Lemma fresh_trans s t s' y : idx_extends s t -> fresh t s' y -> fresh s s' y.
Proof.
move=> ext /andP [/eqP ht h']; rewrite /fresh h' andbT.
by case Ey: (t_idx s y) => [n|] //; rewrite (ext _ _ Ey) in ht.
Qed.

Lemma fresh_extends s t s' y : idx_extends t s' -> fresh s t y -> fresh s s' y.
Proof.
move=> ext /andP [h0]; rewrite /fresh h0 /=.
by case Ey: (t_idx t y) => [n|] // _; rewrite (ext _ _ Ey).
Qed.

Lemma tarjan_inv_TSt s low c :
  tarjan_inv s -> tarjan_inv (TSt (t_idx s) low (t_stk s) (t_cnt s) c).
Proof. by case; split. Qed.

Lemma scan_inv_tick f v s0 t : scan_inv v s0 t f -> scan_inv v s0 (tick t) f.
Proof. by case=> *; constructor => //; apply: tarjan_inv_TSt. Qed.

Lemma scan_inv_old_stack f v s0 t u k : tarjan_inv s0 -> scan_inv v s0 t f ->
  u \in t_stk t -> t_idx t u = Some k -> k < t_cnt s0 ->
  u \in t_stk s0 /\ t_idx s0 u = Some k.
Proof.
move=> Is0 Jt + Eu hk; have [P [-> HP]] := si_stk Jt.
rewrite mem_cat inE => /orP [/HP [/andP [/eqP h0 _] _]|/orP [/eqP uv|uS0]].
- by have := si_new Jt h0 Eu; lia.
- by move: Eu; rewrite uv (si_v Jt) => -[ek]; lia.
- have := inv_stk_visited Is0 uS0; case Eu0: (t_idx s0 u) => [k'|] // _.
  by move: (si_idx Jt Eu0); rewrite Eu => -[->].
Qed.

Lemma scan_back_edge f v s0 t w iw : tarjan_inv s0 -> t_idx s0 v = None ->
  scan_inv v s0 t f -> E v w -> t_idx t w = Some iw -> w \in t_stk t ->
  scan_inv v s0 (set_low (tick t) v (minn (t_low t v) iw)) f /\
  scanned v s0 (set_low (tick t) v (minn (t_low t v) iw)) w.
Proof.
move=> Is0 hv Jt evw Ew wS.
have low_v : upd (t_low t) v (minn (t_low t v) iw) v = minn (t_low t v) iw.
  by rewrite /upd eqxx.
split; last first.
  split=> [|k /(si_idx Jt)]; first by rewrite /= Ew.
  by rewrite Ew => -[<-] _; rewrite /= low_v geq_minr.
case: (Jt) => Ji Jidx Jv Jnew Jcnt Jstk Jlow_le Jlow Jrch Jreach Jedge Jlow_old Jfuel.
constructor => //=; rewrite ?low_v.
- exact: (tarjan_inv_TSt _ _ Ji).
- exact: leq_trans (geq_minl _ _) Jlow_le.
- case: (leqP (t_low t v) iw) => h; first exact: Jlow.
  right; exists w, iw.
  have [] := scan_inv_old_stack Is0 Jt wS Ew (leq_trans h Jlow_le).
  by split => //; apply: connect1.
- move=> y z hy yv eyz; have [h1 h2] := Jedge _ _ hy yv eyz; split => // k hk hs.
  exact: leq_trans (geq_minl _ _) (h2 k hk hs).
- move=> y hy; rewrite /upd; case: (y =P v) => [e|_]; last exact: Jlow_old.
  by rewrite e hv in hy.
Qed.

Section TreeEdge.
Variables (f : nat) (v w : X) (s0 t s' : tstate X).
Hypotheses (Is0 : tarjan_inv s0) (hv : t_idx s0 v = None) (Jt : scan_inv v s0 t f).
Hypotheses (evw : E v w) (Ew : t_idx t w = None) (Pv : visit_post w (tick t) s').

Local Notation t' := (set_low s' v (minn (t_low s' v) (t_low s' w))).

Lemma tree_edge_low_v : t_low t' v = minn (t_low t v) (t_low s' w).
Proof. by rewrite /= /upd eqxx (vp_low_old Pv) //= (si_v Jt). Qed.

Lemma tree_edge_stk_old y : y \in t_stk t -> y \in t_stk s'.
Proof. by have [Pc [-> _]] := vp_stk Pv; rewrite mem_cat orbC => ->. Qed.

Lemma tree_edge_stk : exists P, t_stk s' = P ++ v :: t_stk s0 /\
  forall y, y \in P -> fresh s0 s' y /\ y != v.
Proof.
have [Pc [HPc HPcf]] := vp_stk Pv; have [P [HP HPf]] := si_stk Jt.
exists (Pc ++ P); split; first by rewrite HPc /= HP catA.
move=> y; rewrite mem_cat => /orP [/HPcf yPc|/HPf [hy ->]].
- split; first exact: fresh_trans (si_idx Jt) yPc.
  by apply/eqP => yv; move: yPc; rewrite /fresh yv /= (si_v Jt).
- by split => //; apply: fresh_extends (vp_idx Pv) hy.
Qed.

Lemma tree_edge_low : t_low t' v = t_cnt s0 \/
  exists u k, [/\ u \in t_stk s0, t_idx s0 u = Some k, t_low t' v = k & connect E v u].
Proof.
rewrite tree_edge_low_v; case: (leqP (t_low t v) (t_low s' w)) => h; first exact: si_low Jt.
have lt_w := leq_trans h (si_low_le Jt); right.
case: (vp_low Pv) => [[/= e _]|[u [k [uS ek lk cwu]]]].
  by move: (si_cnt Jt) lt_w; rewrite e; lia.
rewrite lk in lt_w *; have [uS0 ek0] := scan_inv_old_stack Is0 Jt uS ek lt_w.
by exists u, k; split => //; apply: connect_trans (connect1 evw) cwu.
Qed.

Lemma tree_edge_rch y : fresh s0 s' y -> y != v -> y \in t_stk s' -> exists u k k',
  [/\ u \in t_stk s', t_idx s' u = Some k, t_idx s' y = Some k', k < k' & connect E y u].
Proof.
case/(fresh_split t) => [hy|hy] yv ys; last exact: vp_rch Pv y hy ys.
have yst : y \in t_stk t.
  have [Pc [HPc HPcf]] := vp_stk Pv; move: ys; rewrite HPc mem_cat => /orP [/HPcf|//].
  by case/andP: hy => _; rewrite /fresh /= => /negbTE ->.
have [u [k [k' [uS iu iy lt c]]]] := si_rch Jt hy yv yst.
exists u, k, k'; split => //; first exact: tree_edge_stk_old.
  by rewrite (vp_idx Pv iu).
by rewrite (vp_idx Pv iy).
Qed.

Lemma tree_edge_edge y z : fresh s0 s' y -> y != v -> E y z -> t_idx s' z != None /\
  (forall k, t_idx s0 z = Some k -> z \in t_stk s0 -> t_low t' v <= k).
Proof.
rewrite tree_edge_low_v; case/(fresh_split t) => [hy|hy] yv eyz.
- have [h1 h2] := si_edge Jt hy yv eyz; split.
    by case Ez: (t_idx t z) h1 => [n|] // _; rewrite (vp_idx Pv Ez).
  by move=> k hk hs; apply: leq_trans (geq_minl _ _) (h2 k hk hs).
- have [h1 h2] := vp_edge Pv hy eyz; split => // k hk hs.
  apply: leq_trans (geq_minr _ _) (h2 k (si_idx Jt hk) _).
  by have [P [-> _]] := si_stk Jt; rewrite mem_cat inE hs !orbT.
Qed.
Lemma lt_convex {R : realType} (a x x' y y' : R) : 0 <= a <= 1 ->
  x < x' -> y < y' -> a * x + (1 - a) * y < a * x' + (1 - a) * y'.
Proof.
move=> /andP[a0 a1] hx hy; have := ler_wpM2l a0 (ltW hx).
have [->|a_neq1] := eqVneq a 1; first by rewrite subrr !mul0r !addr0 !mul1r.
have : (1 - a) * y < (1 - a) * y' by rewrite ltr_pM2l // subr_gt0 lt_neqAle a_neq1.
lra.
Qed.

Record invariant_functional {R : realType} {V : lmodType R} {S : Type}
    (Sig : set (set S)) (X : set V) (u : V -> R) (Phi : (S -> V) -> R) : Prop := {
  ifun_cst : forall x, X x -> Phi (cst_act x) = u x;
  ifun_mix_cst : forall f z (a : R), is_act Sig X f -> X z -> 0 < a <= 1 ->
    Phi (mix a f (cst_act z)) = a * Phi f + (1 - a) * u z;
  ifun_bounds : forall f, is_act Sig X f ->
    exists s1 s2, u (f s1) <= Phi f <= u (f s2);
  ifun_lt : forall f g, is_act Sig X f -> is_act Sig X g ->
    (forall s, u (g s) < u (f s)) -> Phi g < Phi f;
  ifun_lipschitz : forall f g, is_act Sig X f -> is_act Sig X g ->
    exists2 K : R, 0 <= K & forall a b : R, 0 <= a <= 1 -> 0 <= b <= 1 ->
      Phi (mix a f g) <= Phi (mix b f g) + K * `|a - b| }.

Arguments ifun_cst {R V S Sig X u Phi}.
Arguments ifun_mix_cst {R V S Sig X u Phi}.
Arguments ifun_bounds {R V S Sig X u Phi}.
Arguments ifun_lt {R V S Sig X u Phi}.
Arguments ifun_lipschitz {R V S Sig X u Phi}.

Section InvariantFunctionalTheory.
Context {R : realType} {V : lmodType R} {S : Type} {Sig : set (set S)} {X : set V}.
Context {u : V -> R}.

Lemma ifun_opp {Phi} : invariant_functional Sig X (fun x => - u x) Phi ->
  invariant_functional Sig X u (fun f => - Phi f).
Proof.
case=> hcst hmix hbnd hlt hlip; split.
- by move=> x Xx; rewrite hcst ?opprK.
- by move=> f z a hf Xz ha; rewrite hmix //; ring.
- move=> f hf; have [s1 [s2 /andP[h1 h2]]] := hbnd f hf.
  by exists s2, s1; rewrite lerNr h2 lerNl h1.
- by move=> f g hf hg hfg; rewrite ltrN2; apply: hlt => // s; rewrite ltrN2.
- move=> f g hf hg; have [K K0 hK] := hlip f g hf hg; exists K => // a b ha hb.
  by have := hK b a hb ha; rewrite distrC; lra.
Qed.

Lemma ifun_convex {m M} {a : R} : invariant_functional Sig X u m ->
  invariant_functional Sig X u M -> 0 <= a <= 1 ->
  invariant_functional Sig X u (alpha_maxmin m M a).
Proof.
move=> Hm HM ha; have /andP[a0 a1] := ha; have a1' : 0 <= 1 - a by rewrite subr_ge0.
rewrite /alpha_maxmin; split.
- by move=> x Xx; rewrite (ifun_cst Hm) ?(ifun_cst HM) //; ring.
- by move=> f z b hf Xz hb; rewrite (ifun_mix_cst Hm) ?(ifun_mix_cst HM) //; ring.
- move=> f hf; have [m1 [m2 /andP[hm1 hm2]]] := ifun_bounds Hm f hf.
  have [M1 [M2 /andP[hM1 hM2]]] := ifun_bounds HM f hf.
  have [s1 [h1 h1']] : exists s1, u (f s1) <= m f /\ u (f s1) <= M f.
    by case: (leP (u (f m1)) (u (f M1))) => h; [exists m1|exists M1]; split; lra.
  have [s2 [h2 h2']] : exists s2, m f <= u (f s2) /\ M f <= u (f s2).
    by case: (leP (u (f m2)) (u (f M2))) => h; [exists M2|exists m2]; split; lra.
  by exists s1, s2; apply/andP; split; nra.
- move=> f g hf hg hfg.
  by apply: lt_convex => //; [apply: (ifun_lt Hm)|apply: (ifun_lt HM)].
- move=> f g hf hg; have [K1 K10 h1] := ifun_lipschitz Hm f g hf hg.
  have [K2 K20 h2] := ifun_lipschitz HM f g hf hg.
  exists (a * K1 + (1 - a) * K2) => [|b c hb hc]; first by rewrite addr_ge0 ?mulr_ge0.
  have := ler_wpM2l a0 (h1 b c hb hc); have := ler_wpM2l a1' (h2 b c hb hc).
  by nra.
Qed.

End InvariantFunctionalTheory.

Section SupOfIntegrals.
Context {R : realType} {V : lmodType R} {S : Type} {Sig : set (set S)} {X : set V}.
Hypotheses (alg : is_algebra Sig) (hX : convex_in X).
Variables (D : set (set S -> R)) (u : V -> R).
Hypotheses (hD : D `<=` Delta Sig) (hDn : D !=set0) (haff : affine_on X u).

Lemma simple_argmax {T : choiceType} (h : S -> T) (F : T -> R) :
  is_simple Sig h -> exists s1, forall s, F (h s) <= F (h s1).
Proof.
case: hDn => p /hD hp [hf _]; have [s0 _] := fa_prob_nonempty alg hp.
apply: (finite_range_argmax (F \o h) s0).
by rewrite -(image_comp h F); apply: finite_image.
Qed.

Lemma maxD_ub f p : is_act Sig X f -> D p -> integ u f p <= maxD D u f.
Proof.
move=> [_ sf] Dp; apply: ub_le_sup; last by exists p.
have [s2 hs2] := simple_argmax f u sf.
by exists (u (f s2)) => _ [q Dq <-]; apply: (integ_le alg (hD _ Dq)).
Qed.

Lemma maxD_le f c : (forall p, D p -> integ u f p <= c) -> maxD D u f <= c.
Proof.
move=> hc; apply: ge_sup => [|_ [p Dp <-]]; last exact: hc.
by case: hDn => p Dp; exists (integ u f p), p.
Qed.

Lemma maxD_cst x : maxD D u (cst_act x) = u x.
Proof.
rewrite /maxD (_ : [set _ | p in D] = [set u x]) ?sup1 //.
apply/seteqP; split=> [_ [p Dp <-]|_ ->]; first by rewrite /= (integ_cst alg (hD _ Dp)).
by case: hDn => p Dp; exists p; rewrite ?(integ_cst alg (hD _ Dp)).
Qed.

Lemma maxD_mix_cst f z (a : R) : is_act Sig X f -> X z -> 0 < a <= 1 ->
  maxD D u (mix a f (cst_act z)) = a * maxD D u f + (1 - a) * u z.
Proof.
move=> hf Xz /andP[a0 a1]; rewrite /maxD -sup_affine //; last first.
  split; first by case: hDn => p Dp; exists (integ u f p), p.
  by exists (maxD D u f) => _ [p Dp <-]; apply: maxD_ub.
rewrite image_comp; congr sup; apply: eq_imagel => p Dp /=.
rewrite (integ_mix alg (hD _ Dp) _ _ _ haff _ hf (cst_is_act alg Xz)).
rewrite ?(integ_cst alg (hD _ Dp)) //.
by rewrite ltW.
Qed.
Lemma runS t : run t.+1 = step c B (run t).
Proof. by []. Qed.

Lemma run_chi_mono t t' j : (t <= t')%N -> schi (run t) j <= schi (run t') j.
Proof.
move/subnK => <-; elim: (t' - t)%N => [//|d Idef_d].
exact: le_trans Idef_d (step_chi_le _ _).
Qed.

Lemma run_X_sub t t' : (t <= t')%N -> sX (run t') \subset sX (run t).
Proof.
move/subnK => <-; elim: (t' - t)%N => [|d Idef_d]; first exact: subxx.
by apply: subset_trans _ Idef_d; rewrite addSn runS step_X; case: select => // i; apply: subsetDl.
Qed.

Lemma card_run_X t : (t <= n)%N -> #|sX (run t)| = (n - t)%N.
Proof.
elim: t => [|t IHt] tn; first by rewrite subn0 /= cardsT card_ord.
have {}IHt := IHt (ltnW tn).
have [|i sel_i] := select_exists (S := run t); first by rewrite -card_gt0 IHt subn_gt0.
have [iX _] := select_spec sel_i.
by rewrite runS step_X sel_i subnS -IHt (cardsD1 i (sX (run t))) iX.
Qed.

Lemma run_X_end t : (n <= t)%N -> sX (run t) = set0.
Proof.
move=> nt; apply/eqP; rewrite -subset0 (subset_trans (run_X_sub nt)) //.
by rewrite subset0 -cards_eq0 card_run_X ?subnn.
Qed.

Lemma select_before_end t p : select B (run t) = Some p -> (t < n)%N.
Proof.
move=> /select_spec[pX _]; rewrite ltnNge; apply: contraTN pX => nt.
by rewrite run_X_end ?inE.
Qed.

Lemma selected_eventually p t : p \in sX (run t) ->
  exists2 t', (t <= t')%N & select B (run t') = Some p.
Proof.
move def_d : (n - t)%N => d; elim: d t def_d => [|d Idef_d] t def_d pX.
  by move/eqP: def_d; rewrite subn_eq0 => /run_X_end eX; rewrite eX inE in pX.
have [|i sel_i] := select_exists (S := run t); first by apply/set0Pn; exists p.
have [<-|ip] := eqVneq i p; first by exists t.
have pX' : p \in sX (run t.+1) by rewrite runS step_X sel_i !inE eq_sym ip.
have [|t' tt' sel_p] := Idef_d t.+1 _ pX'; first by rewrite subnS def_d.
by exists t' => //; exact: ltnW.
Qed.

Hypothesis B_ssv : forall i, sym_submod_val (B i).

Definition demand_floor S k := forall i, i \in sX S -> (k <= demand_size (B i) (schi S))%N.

·····

WORK TASK: Read the entries above, then pull out the lines that include "runS".

OUTPUT FOR THIS EXERCISE:
Lemma runS t : run t.+1 = step c B (run t).
by apply: subset_trans _ Idef_d; rewrite addSn runS step_X; case: select => // i; apply: subsetDl.
by rewrite runS step_X sel_i subnS -IHt (cardsD1 i (sX (run t))) iX.
have pX' : p \in sX (run t.+1) by rewrite runS step_X sel_i !inE eq_sym ip.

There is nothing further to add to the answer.